Hopefully by Forbidden Hollywood Volume 4, viewers will be well aware of what it means to release a "Pre-Code Classic," but for those just tuning in, here's a brief recap: Hollywood has always been a bit dangerous. Anything as popular as cinema has the potential to warp minds and morals, and to ensure that the studios weren't taken over by political oversight they adopted self-censorship as the model (the so-called "Code"). Of course, like all self-censorship the plan only works if the self is diligent. For four years (between 1930 and 1934), Hollywood was not inclined to be diligent. Though the Code was in place, it was virtually unenforced. Though not scandalous by today's reality TV-enhanced standards, many films between '30 and '34 took on taboo topics like adultery and premarital sex (and even a bit of flesh!). For this fourth collection of pre-Code flicks, Warner Bros. has given viewers a grab bag of films from the era: three feature director William Dieterle, and two star William Powell, though the only thread that unites them all is their status as pre-code flicks. Though they don't all hit the mark, this set is worthwhile if only for Jewel Robbery alone.

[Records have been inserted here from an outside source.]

(* Let $n$ and $x$ be positive integers with $x\le n$, and let $\mathcal M=\{M_1,\dots,M_s\}$ be a collection of perfect matchings of the complete graph $K_{2n}$. If $$s<\frac{x!}{2^x}\cdot\frac{\binom{2n}{x}\binom{2n-x}{x}}{\binom{n}{x}^2},$$ then there exists a perfect matching $M$ of $K_{2n}$ such that $|M\cap M_i|\le x-1$ for every $i\in\{1,\dots,s\}$.
   Context: A perfect matching of $K_{2n}$ is a set of $n$ pairwise vertex-disjoint edges covering all $2n$ vertices. A perfect matching $M$ ''agrees with $M_i$ in at most $x-1$ edges'' means $|M\cap M_i|\le x-1$. *)

From mathcomp Require Import all_boot all_order all_algebra.
Set Implicit Arguments. Unset Strict Implicit. Unset Printing Implicit Defensive.

Definition is_edge (m : nat) (e : {set 'I_m}) : bool := #|e| == 2.

Definition perfect_matching (m : nat) (M : {set {set 'I_m}}) : bool :=
  [forall e in M, is_edge e] &&
  [forall v : 'I_m, #|[set e in M | v \in e]| == 1].

From mathcomp Require Import all_boot all_order all_algebra.
From mathcomp Require Import ring zify.
Set Implicit Arguments. Unset Strict Implicit. Unset Printing Implicit Defensive.
Import GRing.Theory Num.Theory.

(* Union bound. A graph on 2k vertices has (2k-1)!! perfect matchings, and a
   matching sharing at least x edges with a fixed perfect matching N of K_2n
   contains one of the 'C(n, x) x-subsets of N, each of which extends in
   (2(n-x)-1)!! ways. By the identity
     x! 'C(2n, x) 'C(2n-x, x) (2(n-x)-1)!! = 2^x 'C(n, x) (2n-1)!!
   the hypothesis on s says s 'C(n, x) (2(n-x)-1)!! < (2n-1)!!, so some
   perfect matching meets every M_i in fewer than x edges. *)

Lemma card_bigcup_leq (I T : finType) (A : {pred I}) (B : I -> {set T}) :
  #|\bigcup_(i in A) B i| <= \sum_(i in A) #|B i|.
Proof.
elim/big_ind2: _ => [|S1 k1 S2 k2 h1 h2|//]; first by rewrite cards0.
by apply: leq_trans (leq_add h1 h2); rewrite cardsU leq_subr.
Qed.

(* [dfact k] is the double factorial (2k-1)!!. *)
Fixpoint dfact k := if k is k'.+1 then k'.*2.+1 * dfact k' else 1.

Lemma dfact_gt0 k : 0 < dfact k.
Proof. by elim: k => //= k IH; rewrite muln_gt0 IH. Qed.

Lemma dfactE k : dfact k * (2 ^ k * k`!) = (k.*2)`!.
Proof.
elim: k => // k IHk; rewrite doubleS !factS -IHk /= expnS -addnn; ring.
Qed.

Section PerfectMatchings.

Variable T : finType.
Implicit Types (V : {set T}) (M F : {set {set T}}) (e : {set T}).

(* Perfect matchings of an arbitrary vertex set, so that removing the edges
   of a submatching leaves a perfect matching of the remaining vertices. *)
Definition pmatchings V : {set {set {set T}}} :=
  [set M : {set {set T}} | [forall e in M, (#|e| == 2) && (e \subset V)] &&
           [forall v in V, #|[set e in M | v \in e]| == 1]].

Lemma pmatching_edge V M e :
  M \in pmatchings V -> e \in M -> #|e| = 2 /\ e \subset V.
Proof.
rewrite inE => /andP[/forallP edgeM _] eM.
by have /implyP/(_ eM)/andP[/eqP -> ->] := edgeM e.
Qed.

Lemma pmatching_cover V M v :
  M \in pmatchings V -> v \in V -> exists2 e, e \in M & v \in e.
Proof.
rewrite inE => /andP[_ /forallP coverM] vV.
have /implyP/(_ vV)/cards1P[e0 De0] := coverM v.
have : e0 \in [set e in M | v \in e] by rewrite De0 set11.
by rewrite inE => /andP[]; exists e0.
Qed.

Lemma pmatching_uniq V M e1 e2 v : M \in pmatchings V ->
  e1 \in M -> e2 \in M -> v \in e1 -> v \in e2 -> e1 = e2.
Proof.
move=> MV e1M e2M v1 v2.
have vV : v \in V by have [_ /subsetP] := pmatching_edge MV e1M; apply.
move: MV; rewrite inE => /andP[_ /forallP coverM].
have /implyP/(_ vV)/cards1P[e0 De0] := coverM v.
have : e1 \in [set e in M | v \in e] by rewrite inE e1M v1.
have : e2 \in [set e in M | v \in e] by rewrite inE e2M v2.
by rewrite De0 !inE => /eqP -> /eqP ->.
Qed.

Lemma pmatchingI V M :
  (forall e, e \in M -> #|e| = 2 /\ e \subset V) ->
  (forall v, v \in V -> exists2 e, e \in M & v \in e) ->
  (forall e1 e2 v, e1 \in M -> e2 \in M -> v \in e1 -> v \in e2 -> e1 = e2) ->
  M \in pmatchings V.
Proof.
move=> edgeM coverM uniqM; rewrite inE; apply/andP; split.
  by apply/forallP => e; apply/implyP => eM; have [-> ->] := edgeM e eM.
apply/forallP => v; apply/implyP => vV; apply/cards1P.
have [e eM ve] := coverM v vV; exists e; apply/setP => f.
by rewrite !inE; apply/andP/eqP => [[fM vf]|->] //; apply: uniqM fM eM vf ve.
Qed.

Lemma pmatching_setD V M F : M \in pmatchings V -> F \subset M ->
  M :\: F \in pmatchings (V :\: cover F).
Proof.
move=> MV FM; apply: pmatchingI.
- move=> e; rewrite inE => /andP[eF eM].
  have [e2 eV] := pmatching_edge MV eM; split=> //.
  apply/subsetP => u ue; rewrite inE (subsetP eV) // andbT.
  apply/negP => /bigcupP[f fF uf].
  by move: eF; rewrite (pmatching_uniq MV eM (subsetP FM f fF) ue uf) fF.
- move=> v; rewrite inE => /andP[vF vV].
  have [e eM ve] := pmatching_cover MV vV; exists e => //.
  rewrite inE eM andbT; apply: contra vF => eF.
  by apply/bigcupP; exists e.
- move=> e1 e2 v; rewrite !inE => /andP[_ e1M] /andP[_ e2M].
  exact: pmatching_uniq MV e1M e2M.
Qed.

Lemma pmatching_setU1 V M e : e \subset V -> #|e| = 2 ->
  M \in pmatchings (V :\: e) -> e |: M \in pmatchings V.
Proof.
move=> eV e2 MV.
have eM_disj f u : f \in M -> u \in f -> u \notin e.
  move=> fM uf; have [_ /subsetP/(_ u uf)] := pmatching_edge MV fM.
  by rewrite inE => /andP[].
apply: pmatchingI.
- move=> f; rewrite !inE => /orP[/eqP-> //|fM].
  have [f2 fV] := pmatching_edge MV fM.
  by split=> //; apply: subset_trans fV (subsetDl _ _).
- move=> v vV; have [ve|ve] := boolP (v \in e).
    by exists e; rewrite ?setU11.
  have [|f fM vf] := pmatching_cover (v := v) MV; first by rewrite inE ve.
  by exists f; rewrite // inE fM orbT.
- move=> e1 e2' v; rewrite !inE => /orP[/eqP->|e1M] /orP[/eqP->|e2M] v1 v2 //.
  + by move: (eM_disj _ _ e2M v2); rewrite v1.
  + by move: (eM_disj _ _ e1M v1); rewrite v2.
  + exact: pmatching_uniq MV e1M e2M v1 v2.
Qed.

Lemma pmatching_trivIset V M : M \in pmatchings V -> trivIset M.
Proof.
move=> MV; apply/trivIsetP => A B AM BM neqAB.
rewrite -setI_eq0; apply/set0Pn => -[u]; rewrite inE => /andP[uA uB].
by rewrite (pmatching_uniq MV AM BM uA uB) eqxx in neqAB.
Qed.

Lemma card_cover_pmatching V M F : M \in pmatchings V -> F \subset M ->
  #|cover F| = #|F| * 2.
Proof.
move=> MV FM; apply: card_uniform_partition.
  by move=> e eF; have [] := pmatching_edge MV (subsetP FM e eF).
rewrite /partition eqxx (trivIsetS FM (pmatching_trivIset MV)) /=.
by apply/negP => /(subsetP FM)/(pmatching_edge MV)[]; rewrite cards0.
Qed.

Lemma cover_pmatching V M : M \in pmatchings V -> cover M = V.
Proof.
move=> MV; apply/setP => u; apply/bigcupP/idP => [[e eM ue]|uV].
  by have [_ /subsetP] := pmatching_edge MV eM; apply.
by have [e eM ue] := pmatching_cover MV uV; exists e.
Qed.

Lemma card_pmatching V M k : #|V| = k.*2 -> M \in pmatchings V -> #|M| = k.
Proof.
move=> cardV MV; have := card_cover_pmatching MV (subxx M).
by rewrite (cover_pmatching MV) cardV muln2 => /double_inj.
Qed.

Lemma card_pmatchings_edge V v w : v \in V -> w \in V -> w != v ->
  #|[set M in pmatchings V | [set v; w] \in M]| =
  #|pmatchings (V :\: [set v; w])|.
Proof.
move=> vV wV wv; set e := [set v; w].
have eV : e \subset V by apply/subsetP => u; rewrite !inE => /orP[]/eqP->.
have e2 : #|e| = 2 by rewrite cards2 eq_sym wv.
rewrite -(card_in_imset (f := fun M => M :\ e)); last first.
  move=> M1 M2; rewrite !inE => /andP[_ eM1] /andP[_ eM2] eqM.
  by rewrite -(setD1K eM1) eqM setD1K.
suff -> : [set M :\ e | M in [set M in pmatchings V | e \in M]] =
          pmatchings (V :\: e) by [].
apply/eqP; rewrite eqEsubset; apply/andP; split.
  apply/subsetP => _ /imsetP[M /setIdP[MV eM] ->].
  by have := pmatching_setD MV (F := [set e]); rewrite cover1 sub1set; apply.
apply/subsetP => M MV; apply/imsetP; exists (e |: M).
  by rewrite inE pmatching_setU1 // setU11.
rewrite setU1K //; apply/negP => eM.
have [_ /subsetP/(_ v)] := pmatching_edge MV eM.
by rewrite !inE eqxx => /(_ isT).
Qed.

Lemma pmatching_edge_at V M e v : M \in pmatchings V -> e \in M -> v \in e ->
  exists2 w, e = [set v; w] & w \in V :\ v.
Proof.
move=> MV eM ve; have [e2 eV] := pmatching_edge MV eM.
move: e2; rewrite (cardsD1 v) ve add1n => -[] /eqP/cards1P[w Dw].
have /setD1P[wv we] : w \in e :\ v by rewrite Dw set11.
exists w; last by rewrite !inE wv (subsetP eV).
apply/setP => u; rewrite !inE; have [-> //|uv] := eqVneq u v.
by have /setP/(_ u) := Dw; rewrite !inE uv.
Qed.

Lemma sum_pmatching_edges_at V M v : M \in pmatchings V -> v \in V ->
  \sum_(w in V :\ v) ([set v; w] \in M : nat) = 1.
Proof.
move=> MV vV; have [e eM ve] := pmatching_cover MV vV.
have [w Dw wV] := pmatching_edge_at MV eM ve.
rewrite (bigD1 w) //= -Dw eM big1 // => u /andP[uV uw].
apply/eqP; rewrite eqb0; apply: contraNN uw => vuM.
have /setP/(_ u) := pmatching_uniq MV vuM eM (setU11 _ _) ve.
rewrite Dw !inE eqxx orbT => /esym/orP[/eqP uv|//].
by move: uV; rewrite uv !inE eqxx.
Qed.

Lemma card_pmatchings V k : #|V| = k.*2 -> #|pmatchings V| = dfact k.
Proof.
elim: k V => [|k IHk] V cardV /=.
  move/cards0_eq: cardV => ->; apply/eqP/cards1P; exists set0.
  apply/setP => M; rewrite in_set1; apply/idP/eqP => [MV|->]; last first.
    by apply: pmatchingI => [e|v|e1 e2 v]; rewrite ?in_set0.
  apply/setP => e; rewrite in_set0; apply/negbTE/negP => eM.
  have [e2 /subset_leq_card] := pmatching_edge MV eM.
  by rewrite cards0 e2.
have [v vV] : exists v, v \in V by apply/set0Pn; rewrite -card_gt0 cardV.
transitivity
  (\sum_(M in pmatchings V) \sum_(w in V :\ v) ([set v; w] \in M : nat)).
  by rewrite -sum1_card; apply: eq_bigr => M MV; rewrite sum_pmatching_edges_at.
rewrite exchange_big /= (eq_bigr (fun=> dfact k)) ?sum_nat_const; last first.
  move=> w /setD1P[wv wV]; rewrite -big_mkcondr /= sum1dep_card.
  rewrite card_pmatchings_edge // IHk // cardsD (setIidPr _); last first.
    by apply/subsetP => u; rewrite !inE => /orP[]/eqP->.
  by rewrite cards2 eq_sym wv cardV doubleS !subSS subn0.
by move: cardV; rewrite (cardsD1 v) vV add1n doubleS => -[->].
Qed.

Lemma card_pmatchings_sup V F :
  #|[set M in pmatchings V | F \subset M]| <= #|pmatchings (V :\: cover F)|.
Proof.
rewrite -(card_in_imset (f := fun M => M :\: F)); last first.
  move=> M1 M2; rewrite !inE => /andP[_ FM1] /andP[_ FM2] eqM.
  by rewrite -(setID M1 F) -(setID M2 F) (setIidPr FM1) (setIidPr FM2) eqM.
apply/subset_leq_card/subsetP => _ /imsetP[M /setIdP[MV FM] ->].
exact: pmatching_setD.
Qed.

Lemma card_pmatchings_meet V N n x : #|V| = n.*2 -> N \in pmatchings V ->
  #|[set M in pmatchings V | x <= #|M :&: N|]| <= 'C(n, x) * dfact (n - x).
Proof.
move=> cardV NV.
pose draws := [set F : {set {set T}} | F \subset N & #|F| == x].
have cardN : #|N| = n := card_pmatching cardV NV.
pose containing F := [set M in pmatchings V | F \subset M].
apply: (@leq_trans #|\bigcup_(F in draws) containing F|).
  apply/subset_leq_card/subsetP => M /setIdP[MV xMN].
  have : 0 < #|[set F : {set {set T}} | F \subset M :&: N & #|F| == x]|.
    by rewrite cards_draws bin_gt0.
  rewrite card_gt0 => /set0Pn[F /setIdP[FMN cardF]].
  apply/bigcupP; exists F.
    by rewrite inE cardF andbT (subset_trans FMN (subsetIr _ _)).
  by rewrite inE MV (subset_trans FMN (subsetIl _ _)).
apply: leq_trans (card_bigcup_leq _ _) _.
have <- : #|draws| = 'C(n, x) by rewrite cards_draws cardN.
rewrite -sum_nat_const.
apply: leq_sum => F /setIdP[FN /eqP cardF].
apply: leq_trans (card_pmatchings_sup _ F) _.
rewrite (card_pmatchings (k := n - x)) // cardsD (setIidPr _); last first.
  by apply/bigcupsP => e eF; have [] := pmatching_edge NV (subsetP FN e eF).
by rewrite (card_cover_pmatching NV FN) cardF cardV muln2 doubleB.
Qed.

End PerfectMatchings.

Lemma dfact_bin n x : x <= n ->
  x`! * ('C(2 * n, x) * 'C(2 * n - x, x)) * dfact (n - x) =
  2 ^ x * 'C(n, x) * dfact n.
Proof.
move=> le_xn.
(* Both sides become (2n)! once multiplied by K. *)
have K_gt0 : 0 < 2 ^ (n - x) * (n - x)`! * x`!.
  by rewrite !muln_gt0 expn_gt0 !fact_gt0.
apply/eqP; rewrite -(eqn_pmul2r K_gt0); apply/eqP.
transitivity ((2 * n)`!).
  transitivity ('C(2 * n, x) * (x`! * ('C(2 * n - x, x) *
     (x`! * (dfact (n - x) * (2 ^ (n - x) * (n - x)`!)))))); first ring.
  rewrite dfactE; have -> : (n - x).*2 = 2 * n - x - x by lia.
  by rewrite !bin_fact //; lia.
transitivity (dfact n * (2 ^ x * 2 ^ (n - x)) * ('C(n, x) * (x`! * (n - x)`!))).
  by rewrite -expnD subnKC // bin_fact // -mulnA dfactE mul2n.
by ring.
Qed.

Lemma ltn_mul_bin_dfact n x s : x <= n ->
  ((s%:R : rat) < ((x`!)%:R / (2 ^ x)%:R) *
     (('C(2 * n, x) * 'C(2 * n - x, x))%:R / ('C(n, x) ^ 2)%:R))%R ->
  s * ('C(n, x) * dfact (n - x)) < dfact n.
Proof.
move=> le_xn; have Cnx_gt0 : 0 < 'C(n, x) by rewrite bin_gt0.
rewrite mulf_div -!natrM ltr_pdivlMr ?ltr0n ?muln_gt0 ?expn_gt0 ?Cnx_gt0 //.
rewrite -natrM ltr_nat => lt_s.
have K_gt0 : 0 < 2 ^ x * 'C(n, x) by rewrite muln_gt0 expn_gt0 Cnx_gt0.
rewrite -(ltn_pmul2r K_gt0).
rewrite [dfact n * _]mulnC -dfact_bin //.
have -> : s * ('C(n, x) * dfact (n - x)) * (2 ^ x * 'C(n, x)) =
          s * (2 ^ x * 'C(n, x) ^ 2) * dfact (n - x) by ring.
by rewrite ltn_pmul2r ?dfact_gt0.
Qed.

Lemma pmatchingsE m (M : {set {set 'I_m}}) :
  perfect_matching M = (M \in pmatchings [set: 'I_m]).
Proof.
rewrite /perfect_matching inE; congr (_ && _); apply: eq_forallb => e /=.
  by rewrite /is_edge subsetT andbT.
by rewrite in_setT.
Qed.

Theorem theorem2 (n x s : nat) (hx : 0 < x) (hxn : x <= n)
  (Ms : 'I_s -> {set {set 'I_(2 * n)}})
  (hMs : forall i, perfect_matching (Ms i))
  (hs : ((s%:R : rat) <
        ((x`!)%:R / (2 ^ x)%:R) *
        (('C(2 * n, x) * 'C(2 * n - x, x))%:R / ('C(n, x) ^ 2)%:R))%R) :
  exists M : {set {set 'I_(2 * n)}},
    perfect_matching M /\ forall i, #|M :&: Ms i| <= x - 1.
Proof.
pose P := pmatchings [set: 'I_(2 * n)].
have cardT : #|[set: 'I_(2 * n)]| = n.*2 by rewrite cardsT card_ord mul2n.
pose bad i := [set M in P | x <= #|M :&: Ms i|].
have card_bad_lt : #|\bigcup_(i in [set: 'I_s]) bad i| < #|P|.
  apply: leq_ltn_trans (card_bigcup_leq _ _) _.
  rewrite (card_pmatchings cardT).
  apply: leq_ltn_trans _ (ltn_mul_bin_dfact hxn hs).
  apply: (@leq_trans (\sum_(i in [set: 'I_s]) 'C(n, x) * dfact (n - x))).
    apply: leq_sum => i _.
    by apply: card_pmatchings_meet cardT _; rewrite -pmatchingsE.
  by rewrite sum_nat_const cardsT card_ord.
have [M MP notbad] :
    exists2 M, M \in P & M \notin \bigcup_(i in [set: 'I_s]) bad i.
  apply/subsetPn; apply: contraTN card_bad_lt => /subset_leq_card.
  by rewrite leqNgt.
exists M; split=> [|i]; first by rewrite pmatchingsE.
have : M \notin bad i by apply: contra notbad => badM; apply/bigcupP; exists i.
by rewrite inE MP /= -ltnNge; lia.
Qed.
(* For every $n\ge0$, the map $\mathbf{Dyck}$ restricts to a bijection from the set of compacted binary trees of size $n$ onto the set of C-decorated Dyck paths of length $2n$ (i.e. C-decorated paths ending at $(n,n)$).
   Context: Binary trees are rooted plane trees in which each node is a leaf or an internal node with ordered left and right subtrees; size = number of internal nodes; postorder visits left subtree, right subtree, root. A relaxed binary tree $C$ of size $n$ is obtained from a binary tree $C_*$ with $n$ internal nodes (its spine) by keeping the left-most leaf and turning every other leaf $\ell$ into a pointer to a vertex (internal node or the left-most leaf) preceding $\ell$ in postorder; it is a DAG on the internal nodes and the left-most leaf, each internal node having a left/right out-edge to its child if that child is internal or the left-most leaf, and otherwise to the pointer's target. For a vertex $u$ let $B(u)$ be a single leaf if $u$ is the left-most leaf, and otherwise the binary tree with left/right subtrees $B(v),B(w)$ where $v,w$ are the left/right out-neighbours of $u$. $C$ is compacted if $B(u)\not\cong B(v)$ for all distinct vertices $u,v$. A horizontally decorated path is a lattice path from $(0,0)$ with steps $H=(1,0)$, $V=(0,1)$ in the region $0\le y\le x$, each $H$ step decorated by a number in $\{1,\dots,k+1\}$, $k$ its $y$-coordinate. The map $\mathbf{Dyck}$: label the internal nodes and the left-most leaf of $C_*$ in postorder by $1,\dots,n+1$. Define words recursively by $\mathbf{Path}(\text{leaf})=H$ and $\mathbf{Path}((T_1,T_2))=\mathbf{Path}(T_1)\mathbf{Path}(T_2)V$. The word $\mathbf{Path}(C_* )$ begins with the $H$ of the left-most leaf; removing it gives a path $P_0$ from $(0,0)$ to $(n,n)$ in $0\le y\le x$, whose $H$ steps correspond to the non-left-most leaves of $C_*$ (i.e. to pointers). Decorating each $H$ step of $P_0$ with the label of the vertex its pointer points to gives the horizontally decorated path $\mathbf{Dyck}(C)$. C-decorated paths: in a horizontally decorated path, give each $H$ step the label equal to its decoration and each $V$ step the label equal to its final $y$-coordinate plus one; write $\mathcal{L}(S)$ for the label of step $S$. To each $V$ step associate a pair $(v_1,v_2)$: $v_2=\mathcal{L}(S')$ where $S'$ is the step immediately before $V$; for $v_1$, draw the line of slope $1$ from the endpoint of $V$ in the south-west direction until it touches the path again, and let $S''$ be the last step before $V$ whose endpoint lies on this line; set $v_1=\mathcal{L}(S'')$, or $v_1=1$ if there is no such step. A C-decorated path is a horizontally decorated path such that for every occurrence of three consecutive steps $HHV$ whose two $H$ steps have decorations $h_1,h_2$, one has $(h_1,h_2)\ne(v_1,v_2)$ for every $V$ step preceding this occurrence. *)

From mathcomp Require Import all_boot.
Set Implicit Arguments. Unset Strict Implicit. Unset Printing Implicit Defensive.

Inductive btree := BLeaf | BNode of btree & btree.

(* Relaxed binary trees.  A relaxed binary tree is encoded by its      *)
(* spine C_* in which the left-most leaf is marked [RL] and every other *)
(* leaf [l] is replaced by [RP k], meaning that the pointer [l] points  *)
(* to the vertex with postorder label [k] (vertices = internal nodes    *)
(* and the left-most leaf, labelled 1..n+1 in postorder).              *)
Inductive rtree := RL | RP of nat | RN of rtree & rtree.

Fixpoint spine (t : rtree) : btree :=
  match t with RN l r => BNode (spine l) (spine r) | _ => BLeaf end.

Fixpoint bsize (t : btree) : nat :=
  match t with BLeaf => 0 | BNode l r => bsize l + bsize r + 1 end.

Fixpoint no_RL (t : rtree) : bool :=
  match t with RL => false | RP _ => true | RN l r => no_RL l && no_RL r end.

Fixpoint leftmost_ok (t : rtree) : bool :=
  match t with RL => true | RP _ => false | RN l r => leftmost_ok l && no_RL r end.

This set includes four films:
• Jewel Robbery—William Powell is a jewel thief who seduces a Baroness (played by Kay Francis) during the jewel robbery
• Lawyer Man—Powell returns again to play a scheming shyster who's down but not out.
• Man Wanted—Kay Francis returns as a married magazine editor who becomes smitten with another man.
• They Call it Sin—When a travelling businessman falls for a young girl in Kansas, he brings her back to New York City. Once there, she discovers he's already engaged and so embarks on a musical career of her own.
The weird thing to understand about the pre-Code era is that it wasn't a free-for-all. We're not talking '70s grindhouse, where everybody with a camera was trying to push every film to the limit by showing as much as possible. What makes the pre-Code films special is that they were still working in style that required hinting, subtlety, and suggestion. They wouldn't show a naked woman, but a woman in a bath was just right. They wouldn't show a couple having sex, but a single line of dialogue would let informed viewers know that's what was going to happen. In the best of hands, this led to a witty, sophisticated style that demanded much of the viewer, who had to parse innuendo, looks, and tiny details to truly appreciate how far outside the bounds of good taste the film had gone.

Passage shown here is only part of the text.